Material supplied:

(* Let $S\subset\mathbb{R}^2$ be a finite set of points in general position, let $f:\mathbb{R}^2\times[0,1]\to\mathbb{R}^2$ be an ambient isotopy, and let $S(t)=\{f(s,t): s\in S\}$ for $t\in[0,1]$. Suppose there is $t_0\in(0,1]$ such that $S(t)$ is in general position for all $t\in[0,t_0)$, and such that in $S(t_0)$ the triple $\{f(a,t_0),f(b,t_0),f(c,t_0)\}$ for distinct $a,b,c\in S$ is collinear and is the only collinear triple. If $f(c,t_0)$ lies on the segment between $f(a,t_0)$ and $f(b,t_0)$, then $ab$ is an exit edge of $S=S(0)$ with witness $c$.
   Context: General position: no three points collinear. An ambient isotopy of $\mathbb{R}^2$ is a continuous map $f:\mathbb{R}^2\times[0,1]\to\mathbb{R}^2$ such that $f(\cdot,t)$ is a homeomorphism for every $t$ and $f(\cdot,0)$ is the identity. For distinct $a,b,c\in S$, the segment $ab$ is an exit edge of $S$ with witness $c$ if there is no $p\in S$ such that the line through $a$ and $p$ strictly separates $b$ from $c$, and there is no $p\in S$ such that the line through $b$ and $p$ strictly separates $a$ from $c$. *)

From Stdlib Require Import Reals List.
Import ListNotations.
Open Scope R_scope.

Definition point := (R * R)%type.

Definition orient (a p x : point) : R :=
  (fst p - fst a) * (snd x - snd a) - (snd p - snd a) * (fst x - fst a).

Definition collinear (p q r : point) : Prop := orient p q r = 0.

Definition general_position (S : list point) : Prop :=
  forall p q r, In p S -> In q S -> In r S ->
    p <> q -> q <> r -> p <> r -> ~ collinear p q r.

Definition continuous2 (h : point -> point) : Prop :=
  forall x eps, 0 < eps -> exists delta, 0 < delta /\
    forall y, Rabs (fst y - fst x) < delta -> Rabs (snd y - snd x) < delta ->
      Rabs (fst (h y) - fst (h x)) < eps /\ Rabs (snd (h y) - snd (h x)) < eps.

Definition homeomorphism (h : point -> point) : Prop :=
  exists g : point -> point,
    (forall x, g (h x) = x) /\ (forall y, h (g y) = y) /\
    continuous2 h /\ continuous2 g.

Definition continuous_on_R2_I (f : point -> R -> point) : Prop :=
  forall x t, 0 <= t <= 1 -> forall eps, 0 < eps -> exists delta, 0 < delta /\
    forall y s, 0 <= s <= 1 ->
      Rabs (fst y - fst x) < delta -> Rabs (snd y - snd x) < delta ->
      Rabs (s - t) < delta ->
      Rabs (fst (f y s) - fst (f x t)) < eps /\
      Rabs (snd (f y s) - snd (f x t)) < eps.

Definition ambient_isotopy (f : point -> R -> point) : Prop :=
  continuous_on_R2_I f /\
  (forall t, 0 <= t <= 1 -> homeomorphism (fun x => f x t)) /\
  (forall x, f x 0 = x).

Definition St (f : point -> R -> point) (S : list point) (t : R) : list point :=
  map (fun s => f s t) S.

Definition on_segment (x p q : point) : Prop :=
  exists l, 0 <= l <= 1 /\
    x = ((1 - l) * fst p + l * fst q, (1 - l) * snd p + l * snd q).

(* the line through u and p strictly separates x from y *)
Definition strictly_separates (u p x y : point) : Prop :=
  orient u p x * orient u p y < 0.

Definition exit_edge (S : list point) (a b c : point) : Prop :=
  a <> b /\ b <> c /\ a <> c /\ In a S /\ In b S /\ In c S /\
  (~ exists p, In p S /\ strictly_separates a p b c) /\
  (~ exists p, In p S /\ strictly_separates b p a c).

From Stdlib Require Import Reals List Lra.
Import ListNotations.
Open Scope R_scope.

(* For distinct x, y, z in S the orientation
   s |-> orient (f x s) (f y s) (f z s) is continuous on [0, t0] and, by
   general position of S(s), never vanishes on [0, t0).  By the intermediate
   value theorem it therefore has the same sign at 0 and at t0 whenever it
   is nonzero at t0, which is the case as soon as the triple is not
   {a, b, c}.  Now let p be any point of S other than a, b, c.  At time t0
   the point c' = f c t0 lies on the segment [a', b'], so orient a' p' c' is
   a nonnegative multiple of orient a' p' b'; hence b' and c' are on the same
   side of the line a'p', and by sign preservation b and c are on the same
   side of the line ap.  The same argument with the roles of a and b swapped
   handles lines through b, and for p in {a, b, c} the orientations vanish. *)

Lemma point_eq_dec (p q : point) : {p = q} + {p <> q}.
Proof. decide equality; apply Req_dec_T. Defined.

Lemma orient_base_repeated a p : orient a a p = 0.
Proof. unfold orient; ring. Qed.

Lemma orient_end_repeated a p : orient a p p = 0.
Proof. unfold orient; ring. Qed.

Lemma same_sign_transfer u0 u1 v0 k :
  0 <= k -> 0 < u0 * u1 -> 0 < v0 * (k * u1) -> 0 < u0 * v0.
Proof.
  intros Hk Hu Hv.
  assert (Hsq : 0 <= k * (u1 * u1)) by (apply Rmult_le_pos; [lra | apply Rle_0_sqr]).
  assert (Hprod : 0 < (u0 * v0) * (k * (u1 * u1))).
  { replace ((u0 * v0) * (k * (u1 * u1))) with ((u0 * u1) * (v0 * (k * u1))) by ring.
    now apply Rmult_lt_0_compat. }
  destruct (Rlt_dec 0 (u0 * v0)) as [Hpos | Hnpos]; [exact Hpos |].
  exfalso; nra.
Qed.

Lemma no_root_same_sign (U : R -> R) t0 :
  continuity U -> 0 <= t0 -> (forall s, 0 <= s <= t0 -> U s <> 0) ->
  0 < U 0 * U t0.
Proof.
  intros HU Ht0 Hnz.
  destruct (Rlt_dec 0 (U 0 * U t0)) as [Hpos | Hnpos]; [exact Hpos |].
  destruct (IVT_cor U 0 t0 HU Ht0 ltac:(lra)) as [s [Hs Hs0]].
  exfalso; exact (Hnz s Hs Hs0).
Qed.

(* Clamping to [0, t0] turns a path defined on [0, t0] into a path defined
   on all of R, so that the Stdlib notion of continuity applies. *)
Definition clamp (t0 s : R) : R := Rmax 0 (Rmin s t0).

Lemma clamp_range t0 s : 0 < t0 -> 0 <= clamp t0 s <= t0.
Proof. intros; unfold clamp, Rmax, Rmin; repeat destruct Rle_dec; lra. Qed.

Lemma clamp_id t0 s : 0 <= s <= t0 -> clamp t0 s = s.
Proof. intros; unfold clamp, Rmax, Rmin; repeat destruct Rle_dec; lra. Qed.

Lemma clamp_lipschitz t0 s t :
  0 < t0 -> Rabs (clamp t0 s - clamp t0 t) <= Rabs (s - t).
Proof.
  intros; unfold clamp, Rmax, Rmin; repeat destruct Rle_dec;
  unfold Rabs; repeat destruct Rcase_abs; lra.
Qed.

Lemma clamped_trajectory_continuous (f : point -> R -> point) t0 x :
  continuous_on_R2_I f -> 0 < t0 <= 1 ->
  continuity (fun s => fst (f x (clamp t0 s))) /\
  continuity (fun s => snd (f x (clamp t0 s))).
Proof.
  intros Hc Ht0.
  assert (Hclose : forall t eps, 0 < eps -> exists d, 0 < d /\ forall s,
    Rabs (s - t) < d ->
    Rabs (fst (f x (clamp t0 s)) - fst (f x (clamp t0 t))) < eps /\
    Rabs (snd (f x (clamp t0 s)) - snd (f x (clamp t0 t))) < eps).
  { intros t eps Heps.
    pose proof (clamp_range t0 t ltac:(lra)) as Hrt.
    destruct (Hc x (clamp t0 t) ltac:(lra) eps Heps) as [d [Hd Hnear]].
    exists d; split; [exact Hd |]; intros s Hs.
    pose proof (clamp_range t0 s ltac:(lra)) as Hrs.
    pose proof (clamp_lipschitz t0 s t ltac:(lra)) as Hlip.
    apply Hnear; [lra | rewrite Rminus_diag, Rabs_R0; exact Hd
                 | rewrite Rminus_diag, Rabs_R0; exact Hd | lra]. }
  split; intros t eps Heps; destruct (Hclose t eps Heps) as [d [Hd Hnear]];
    exists d; split; try exact Hd; intros s [_ Hs]; apply Hnear, Hs.
Qed.

Lemma orient_path_continuous (f : point -> R -> point) t0 x y z :
  continuous_on_R2_I f -> 0 < t0 <= 1 ->
  continuity (fun s =>
    orient (f x (clamp t0 s)) (f y (clamp t0 s)) (f z (clamp t0 s))).
Proof.
  intros Hc Ht0.
  destruct (clamped_trajectory_continuous f t0 x Hc Ht0) as [X1 X2].
  destruct (clamped_trajectory_continuous f t0 y Hc Ht0) as [Y1 Y2].
  destruct (clamped_trajectory_continuous f t0 z Hc Ht0) as [Z1 Z2].
  unfold orient.
  apply continuity_minus; apply continuity_mult; apply continuity_minus; assumption.
Qed.

Lemma isotopy_slice_injective (f : point -> R -> point) t x y :
  ambient_isotopy f -> 0 <= t <= 1 -> f x t = f y t -> x = y.
Proof.
  intros [_ [Hhomeo _]] Ht Exy. destruct (Hhomeo t Ht) as [g [Hg _]].
  rewrite <- (Hg x), <- (Hg y). simpl. now rewrite Exy.
Qed.

Lemma in_St (f : point -> R -> point) S t x : In x S -> In (f x t) (St f S t).
Proof. intros Hx; unfold St; now apply (in_map (fun q => f q t)). Qed.

Section SignPreservation.

Variables (S : list point) (f : point -> R -> point) (t0 : R).
Hypothesis Hf : ambient_isotopy f.
Hypothesis Ht0 : 0 < t0 <= 1.
Hypothesis Hgp : forall t, 0 <= t < t0 -> general_position (St f S t).

Lemma orient_nonzero_before x y z s :
  In x S -> In y S -> In z S -> x <> y -> y <> z -> x <> z -> 0 <= s < t0 ->
  orient (f x s) (f y s) (f z s) <> 0.
Proof.
  intros Hx Hy Hz Hxy Hyz Hxz Hs.
  assert (Hs1 : 0 <= s <= 1) by lra.
  apply (Hgp s Hs); try now apply in_St.
  - intro E; exact (Hxy (isotopy_slice_injective f s x y Hf Hs1 E)).
  - intro E; exact (Hyz (isotopy_slice_injective f s y z Hf Hs1 E)).
  - intro E; exact (Hxz (isotopy_slice_injective f s x z Hf Hs1 E)).
Qed.

Lemma orient_sign_preserved x y z :
  In x S -> In y S -> In z S -> x <> y -> y <> z -> x <> z ->
  orient (f x t0) (f y t0) (f z t0) <> 0 ->
  0 < orient x y z * orient (f x t0) (f y t0) (f z t0).
Proof.
  intros Hx Hy Hz Hxy Hyz Hxz Hend.
  set (U := fun s =>
    orient (f x (clamp t0 s)) (f y (clamp t0 s)) (f z (clamp t0 s))).
  assert (HU_at : forall s, 0 <= s <= t0 -> U s = orient (f x s) (f y s) (f z s))
    by (intros s Hs; unfold U; now rewrite clamp_id).
  assert (Hsign : 0 < U 0 * U t0).
  { apply no_root_same_sign; [exact (orient_path_continuous f t0 x y z (proj1 Hf) Ht0) | lra |].
    intros s Hs. rewrite HU_at by exact Hs.
    destruct (Req_dec s t0) as [-> | Hne]; [exact Hend |].
    apply orient_nonzero_before; auto; lra. }
  rewrite HU_at, HU_at in Hsign by lra.
  destruct Hf as [_ [_ Hid]]. now rewrite !Hid in Hsign.
Qed.

Lemma line_does_not_separate u p r c k :
  In u S -> In p S -> In r S -> In c S ->
  u <> p -> p <> r -> u <> r -> p <> c -> u <> c -> 0 <= k ->
  orient (f u t0) (f p t0) (f c t0) = k * orient (f u t0) (f p t0) (f r t0) ->
  orient (f u t0) (f p t0) (f r t0) <> 0 ->
  orient (f u t0) (f p t0) (f c t0) <> 0 ->
  ~ strictly_separates u p r c.
Proof.
  intros Hu Hp Hr Hc Hup Hpr Hur Hpc Huc Hk Eray Hnr Hnc Hsep.
  pose proof (orient_sign_preserved u p r Hu Hp Hr Hup Hpr Hur Hnr) as Hsr.
  pose proof (orient_sign_preserved u p c Hu Hp Hc Hup Hpc Huc Hnc) as Hsc.
  rewrite Eray in Hsc.
  pose proof (same_sign_transfer _ _ _ _ Hk Hsr Hsc).
  unfold strictly_separates in Hsep; lra.
Qed.

Lemma no_separating_line u r c k :
  In u S -> In r S -> In c S -> u <> r -> u <> c -> 0 <= k ->
  (forall p, orient (f u t0) (f p t0) (f c t0)
             = k * orient (f u t0) (f p t0) (f r t0)) ->
  (forall x p y, In x S -> In p S -> In y S -> x <> p -> p <> y -> x <> y ->
     p <> u -> p <> r -> p <> c -> orient (f x t0) (f p t0) (f y t0) <> 0) ->
  ~ exists p, In p S /\ strictly_separates u p r c.
Proof.
  intros Hu Hr Hc Hur Huc Hk Eray Hoff [p [Hp Hsep]].
  unfold strictly_separates in Hsep.
  destruct (point_eq_dec p u) as [-> | Hpu]; [rewrite orient_base_repeated in Hsep; lra |].
  destruct (point_eq_dec p r) as [-> | Hpr]; [rewrite orient_end_repeated in Hsep; lra |].
  destruct (point_eq_dec p c) as [-> | Hpc]; [rewrite orient_end_repeated in Hsep; lra |].
  apply (line_does_not_separate u p r c k); auto.
Qed.

End SignPreservation.

Definition only_collinear_triple (S : list point) (f : point -> R -> point)
    (a b c : point) (t0 : R) : Prop :=
  forall p q r, In p (St f S t0) -> In q (St f S t0) -> In r (St f S t0) ->
    p <> q -> q <> r -> p <> r -> collinear p q r ->
    In p [f a t0; f b t0; f c t0] /\ In q [f a t0; f b t0; f c t0] /\
    In r [f a t0; f b t0; f c t0].

Lemma orient_nonzero_off_triple S (f : point -> R -> point) a b c t0 :
  (forall x y, f x t0 = f y t0 -> x = y) ->
  only_collinear_triple S f a b c t0 ->
  forall x p y, In x S -> In p S -> In y S -> x <> p -> p <> y -> x <> y ->
    p <> a -> p <> b -> p <> c -> orient (f x t0) (f p t0) (f y t0) <> 0.
Proof.
  intros Hinj Honly x p y Hx Hp Hy Hxp Hpy Hxy Hpa Hpb Hpc Hcol.
  assert (Hmid : In (f p t0) [f a t0; f b t0; f c t0]).
  { apply (Honly (f x t0) (f p t0) (f y t0)); try now apply in_St.
    - intro E; exact (Hxp (Hinj _ _ E)).
    - intro E; exact (Hpy (Hinj _ _ E)).
    - intro E; exact (Hxy (Hinj _ _ E)).
    - exact Hcol. }
  simpl in Hmid.
  destruct Hmid as [E | [E | [E | []]]]; apply Hinj in E; subst; contradiction.
Qed.

Theorem proposition2 (S : list point) (f : point -> R -> point)
  (a b c : point) (t0 : R) :
  NoDup S ->
  general_position S ->
  ambient_isotopy f ->
  0 < t0 <= 1 ->
  (forall t, 0 <= t < t0 -> general_position (St f S t)) ->
  In a S -> In b S -> In c S -> a <> b -> b <> c -> a <> c ->
  collinear (f a t0) (f b t0) (f c t0) ->
  (forall p q r, In p (St f S t0) -> In q (St f S t0) -> In r (St f S t0) ->
     p <> q -> q <> r -> p <> r -> collinear p q r ->
     In p [f a t0; f b t0; f c t0] /\ In q [f a t0; f b t0; f c t0] /\
     In r [f a t0; f b t0; f c t0]) ->
  on_segment (f c t0) (f a t0) (f b t0) ->
  exit_edge S a b c.
Proof.
  intros _ _ Hf Ht0 Hgp Ha Hb Hc Hab Hbc Hac _ Honly [l [Hl Hseg]].
  assert (Hinj : forall x y, f x t0 = f y t0 -> x = y)
    by (intros x y; apply isotopy_slice_injective; [exact Hf | lra]).
  pose proof (orient_nonzero_off_triple S f a b c t0 Hinj Honly) as Hoff.
  (* c' = (1 - l) a' + l b', so seen from a' it is l times b', and seen
     from b' it is (1 - l) times a'. *)
  assert (Ray_a : forall p, orient (f a t0) (f p t0) (f c t0)
                            = l * orient (f a t0) (f p t0) (f b t0)).
  { intros p; rewrite Hseg; unfold orient; simpl; ring. }
  assert (Ray_b : forall p, orient (f b t0) (f p t0) (f c t0)
                            = (1 - l) * orient (f b t0) (f p t0) (f a t0)).
  { intros p; rewrite Hseg; unfold orient; simpl; ring. }
  unfold exit_edge; repeat split; try assumption.
  - apply (no_separating_line S f t0 Hf Ht0 Hgp a b c l Ha Hb Hc Hab Hac);
      [lra | exact Ray_a | intros; apply Hoff; auto].
  - apply (no_separating_line S f t0 Hf Ht0 Hgp b a c (1 - l) Hb Ha Hc
             (not_eq_sym Hab) Hbc);
      [lra | exact Ray_b | intros; apply Hoff; auto].
Qed.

Task to carry out:
Would you output, from the records above, exactly the run of lines that starts at the line containing "side of the line ap." and ends at the line containing "assert (Hsq : 0", and only that run?

Solution to this exercise:
   side of the line ap.  The same argument with the roles of a and b swapped
   handles lines through b, and for p in {a, b, c} the orientations vanish. *)

Lemma point_eq_dec (p q : point) : {p = q} + {p <> q}.
Proof. decide equality; apply Req_dec_T. Defined.

Lemma orient_base_repeated a p : orient a a p = 0.
Proof. unfold orient; ring. Qed.

Lemma orient_end_repeated a p : orient a p p = 0.
Proof. unfold orient; ring. Qed.

Lemma same_sign_transfer u0 u1 v0 k :
  0 <= k -> 0 < u0 * u1 -> 0 < v0 * (k * u1) -> 0 < u0 * v0.
Proof.
  intros Hk Hu Hv.
  assert (Hsq : 0 <= k * (u1 * u1)) by (apply Rmult_le_pos; [lra | apply Rle_0_sqr]).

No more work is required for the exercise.